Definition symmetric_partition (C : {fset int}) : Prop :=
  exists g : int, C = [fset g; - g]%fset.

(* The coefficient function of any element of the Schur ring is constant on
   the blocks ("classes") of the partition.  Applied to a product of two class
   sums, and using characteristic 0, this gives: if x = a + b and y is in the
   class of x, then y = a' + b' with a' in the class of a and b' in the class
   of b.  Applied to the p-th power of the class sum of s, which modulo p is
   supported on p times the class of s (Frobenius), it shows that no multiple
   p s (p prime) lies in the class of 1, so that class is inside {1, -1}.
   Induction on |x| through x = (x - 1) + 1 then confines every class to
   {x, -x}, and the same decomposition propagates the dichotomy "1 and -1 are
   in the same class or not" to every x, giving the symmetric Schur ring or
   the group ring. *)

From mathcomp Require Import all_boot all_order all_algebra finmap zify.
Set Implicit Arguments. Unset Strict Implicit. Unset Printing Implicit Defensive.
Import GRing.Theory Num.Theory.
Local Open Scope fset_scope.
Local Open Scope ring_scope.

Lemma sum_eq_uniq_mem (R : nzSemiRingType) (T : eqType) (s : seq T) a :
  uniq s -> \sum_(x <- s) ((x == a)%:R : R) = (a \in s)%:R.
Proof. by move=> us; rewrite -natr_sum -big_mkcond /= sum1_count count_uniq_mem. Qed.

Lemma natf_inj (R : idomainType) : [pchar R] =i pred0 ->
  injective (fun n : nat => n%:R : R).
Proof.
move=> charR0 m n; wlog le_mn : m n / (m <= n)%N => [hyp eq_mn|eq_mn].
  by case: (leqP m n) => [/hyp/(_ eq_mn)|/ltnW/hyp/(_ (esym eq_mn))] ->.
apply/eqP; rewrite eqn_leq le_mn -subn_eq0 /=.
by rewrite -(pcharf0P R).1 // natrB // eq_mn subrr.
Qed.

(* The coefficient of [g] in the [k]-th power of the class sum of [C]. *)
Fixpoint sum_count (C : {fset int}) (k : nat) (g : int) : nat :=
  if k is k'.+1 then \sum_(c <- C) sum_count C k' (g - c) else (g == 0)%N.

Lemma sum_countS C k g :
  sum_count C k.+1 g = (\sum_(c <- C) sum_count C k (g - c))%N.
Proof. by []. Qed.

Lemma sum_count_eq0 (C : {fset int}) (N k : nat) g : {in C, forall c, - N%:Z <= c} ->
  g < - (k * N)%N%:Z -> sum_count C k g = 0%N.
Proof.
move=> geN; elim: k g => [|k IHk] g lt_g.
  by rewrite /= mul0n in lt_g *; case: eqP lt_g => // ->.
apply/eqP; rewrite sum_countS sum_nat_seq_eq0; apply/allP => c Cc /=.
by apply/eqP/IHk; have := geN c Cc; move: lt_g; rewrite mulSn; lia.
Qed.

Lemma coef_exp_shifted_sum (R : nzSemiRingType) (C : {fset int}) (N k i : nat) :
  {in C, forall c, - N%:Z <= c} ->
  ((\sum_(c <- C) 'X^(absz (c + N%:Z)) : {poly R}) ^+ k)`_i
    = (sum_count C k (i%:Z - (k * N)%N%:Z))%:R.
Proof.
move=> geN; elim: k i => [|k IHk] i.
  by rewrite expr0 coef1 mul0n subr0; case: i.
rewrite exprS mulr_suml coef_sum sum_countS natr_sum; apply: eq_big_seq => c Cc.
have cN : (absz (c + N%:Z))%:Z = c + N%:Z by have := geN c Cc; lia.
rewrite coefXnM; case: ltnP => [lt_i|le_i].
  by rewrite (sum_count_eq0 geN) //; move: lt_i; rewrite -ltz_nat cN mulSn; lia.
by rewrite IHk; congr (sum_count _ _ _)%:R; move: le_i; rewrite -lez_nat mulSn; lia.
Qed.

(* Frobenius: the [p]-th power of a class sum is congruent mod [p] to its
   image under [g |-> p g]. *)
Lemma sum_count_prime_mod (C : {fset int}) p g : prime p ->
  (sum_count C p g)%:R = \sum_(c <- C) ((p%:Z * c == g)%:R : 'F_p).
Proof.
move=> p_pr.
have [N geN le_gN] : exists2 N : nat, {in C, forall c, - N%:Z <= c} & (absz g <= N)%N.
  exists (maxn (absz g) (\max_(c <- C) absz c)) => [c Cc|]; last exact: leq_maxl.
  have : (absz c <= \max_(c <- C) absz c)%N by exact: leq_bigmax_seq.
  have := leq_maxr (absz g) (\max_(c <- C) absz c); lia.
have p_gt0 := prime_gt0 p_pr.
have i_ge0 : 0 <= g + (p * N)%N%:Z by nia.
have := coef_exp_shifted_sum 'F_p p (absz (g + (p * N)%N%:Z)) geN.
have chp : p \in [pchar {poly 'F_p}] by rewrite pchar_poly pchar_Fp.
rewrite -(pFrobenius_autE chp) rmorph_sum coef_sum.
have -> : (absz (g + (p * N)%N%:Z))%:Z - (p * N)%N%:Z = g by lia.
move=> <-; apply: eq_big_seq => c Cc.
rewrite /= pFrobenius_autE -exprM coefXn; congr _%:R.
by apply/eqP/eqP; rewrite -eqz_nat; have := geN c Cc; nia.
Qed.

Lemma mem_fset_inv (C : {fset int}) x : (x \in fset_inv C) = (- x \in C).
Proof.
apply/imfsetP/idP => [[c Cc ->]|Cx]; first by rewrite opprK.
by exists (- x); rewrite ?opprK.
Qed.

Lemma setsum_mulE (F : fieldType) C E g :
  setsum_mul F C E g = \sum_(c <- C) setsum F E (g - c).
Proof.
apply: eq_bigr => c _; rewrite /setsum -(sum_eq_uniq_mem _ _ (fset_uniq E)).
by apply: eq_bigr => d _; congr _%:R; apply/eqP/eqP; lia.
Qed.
######
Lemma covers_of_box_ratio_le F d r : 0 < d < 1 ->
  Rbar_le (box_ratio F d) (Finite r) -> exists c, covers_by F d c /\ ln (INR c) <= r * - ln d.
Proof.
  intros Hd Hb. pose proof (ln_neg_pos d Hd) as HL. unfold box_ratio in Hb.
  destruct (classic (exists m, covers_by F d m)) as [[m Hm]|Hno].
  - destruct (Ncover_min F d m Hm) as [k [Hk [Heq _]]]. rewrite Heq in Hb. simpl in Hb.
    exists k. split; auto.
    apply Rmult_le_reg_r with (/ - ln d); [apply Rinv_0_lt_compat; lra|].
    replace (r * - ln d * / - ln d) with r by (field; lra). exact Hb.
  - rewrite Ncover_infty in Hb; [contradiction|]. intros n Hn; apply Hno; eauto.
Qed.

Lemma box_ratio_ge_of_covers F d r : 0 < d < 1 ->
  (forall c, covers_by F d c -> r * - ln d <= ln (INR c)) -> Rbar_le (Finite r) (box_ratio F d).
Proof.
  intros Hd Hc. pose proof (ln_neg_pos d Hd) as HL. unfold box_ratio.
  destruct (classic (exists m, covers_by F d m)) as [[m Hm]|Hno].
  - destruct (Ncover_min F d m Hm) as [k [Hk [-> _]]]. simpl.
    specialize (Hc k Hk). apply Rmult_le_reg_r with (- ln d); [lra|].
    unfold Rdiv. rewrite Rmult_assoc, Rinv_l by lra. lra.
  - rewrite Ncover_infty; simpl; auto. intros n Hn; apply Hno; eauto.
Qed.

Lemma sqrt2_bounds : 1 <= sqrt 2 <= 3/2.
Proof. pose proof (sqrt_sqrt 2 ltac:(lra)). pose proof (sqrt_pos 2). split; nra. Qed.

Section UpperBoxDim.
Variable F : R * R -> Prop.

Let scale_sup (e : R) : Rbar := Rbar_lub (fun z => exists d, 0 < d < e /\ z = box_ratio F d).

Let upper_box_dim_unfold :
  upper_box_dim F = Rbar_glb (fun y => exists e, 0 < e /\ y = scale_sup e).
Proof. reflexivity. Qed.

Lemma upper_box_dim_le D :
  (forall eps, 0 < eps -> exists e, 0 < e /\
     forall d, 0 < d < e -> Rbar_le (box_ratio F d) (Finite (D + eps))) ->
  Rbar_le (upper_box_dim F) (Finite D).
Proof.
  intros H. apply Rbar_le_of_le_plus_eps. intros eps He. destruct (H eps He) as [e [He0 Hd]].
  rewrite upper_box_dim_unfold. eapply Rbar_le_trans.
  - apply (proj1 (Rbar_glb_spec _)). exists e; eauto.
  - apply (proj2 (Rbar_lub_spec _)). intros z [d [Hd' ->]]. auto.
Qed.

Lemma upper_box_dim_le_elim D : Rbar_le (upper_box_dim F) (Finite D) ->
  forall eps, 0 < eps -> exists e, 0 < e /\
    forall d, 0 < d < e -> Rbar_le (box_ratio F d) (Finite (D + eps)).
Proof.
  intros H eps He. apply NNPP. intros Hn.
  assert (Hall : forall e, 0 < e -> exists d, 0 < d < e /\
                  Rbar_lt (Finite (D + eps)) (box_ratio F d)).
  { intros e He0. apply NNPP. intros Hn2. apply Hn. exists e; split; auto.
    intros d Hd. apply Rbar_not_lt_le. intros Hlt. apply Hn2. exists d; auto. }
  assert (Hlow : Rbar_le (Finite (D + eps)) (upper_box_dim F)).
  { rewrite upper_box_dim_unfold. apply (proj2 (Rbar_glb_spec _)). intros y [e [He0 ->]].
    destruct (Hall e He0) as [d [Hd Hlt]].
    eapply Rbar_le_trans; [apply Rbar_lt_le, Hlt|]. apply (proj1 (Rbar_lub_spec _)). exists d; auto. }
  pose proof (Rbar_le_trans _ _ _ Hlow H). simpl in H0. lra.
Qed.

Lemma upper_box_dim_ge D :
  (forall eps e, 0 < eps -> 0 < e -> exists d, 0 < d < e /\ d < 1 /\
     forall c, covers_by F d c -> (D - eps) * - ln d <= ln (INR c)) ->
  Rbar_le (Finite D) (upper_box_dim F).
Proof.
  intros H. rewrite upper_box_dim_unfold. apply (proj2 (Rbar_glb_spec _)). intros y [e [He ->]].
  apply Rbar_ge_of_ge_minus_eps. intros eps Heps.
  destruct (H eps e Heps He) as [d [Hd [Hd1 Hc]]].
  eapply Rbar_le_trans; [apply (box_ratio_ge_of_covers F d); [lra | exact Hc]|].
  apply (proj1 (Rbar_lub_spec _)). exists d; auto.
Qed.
######
* Exercise
From the listing above, return the lines starting at the one with "- rewrite Ncover_infty in" and ending at the one with "specialize (Hc k", both kept, exactly as they appear and nothing more.

* Exercise output
  - rewrite Ncover_infty in Hb; [contradiction|]. intros n Hn; apply Hno; eauto.
Qed.

Lemma box_ratio_ge_of_covers F d r : 0 < d < 1 ->
  (forall c, covers_by F d c -> r * - ln d <= ln (INR c)) -> Rbar_le (Finite r) (box_ratio F d).
Proof.
  intros Hd Hc. pose proof (ln_neg_pos d Hd) as HL. unfold box_ratio.
  destruct (classic (exists m, covers_by F d m)) as [[m Hm]|Hno].
  - destruct (Ncover_min F d m Hm) as [k [Hk [-> _]]]. simpl.
    specialize (Hc k Hk). apply Rmult_le_reg_r with (- ln d); [lra|].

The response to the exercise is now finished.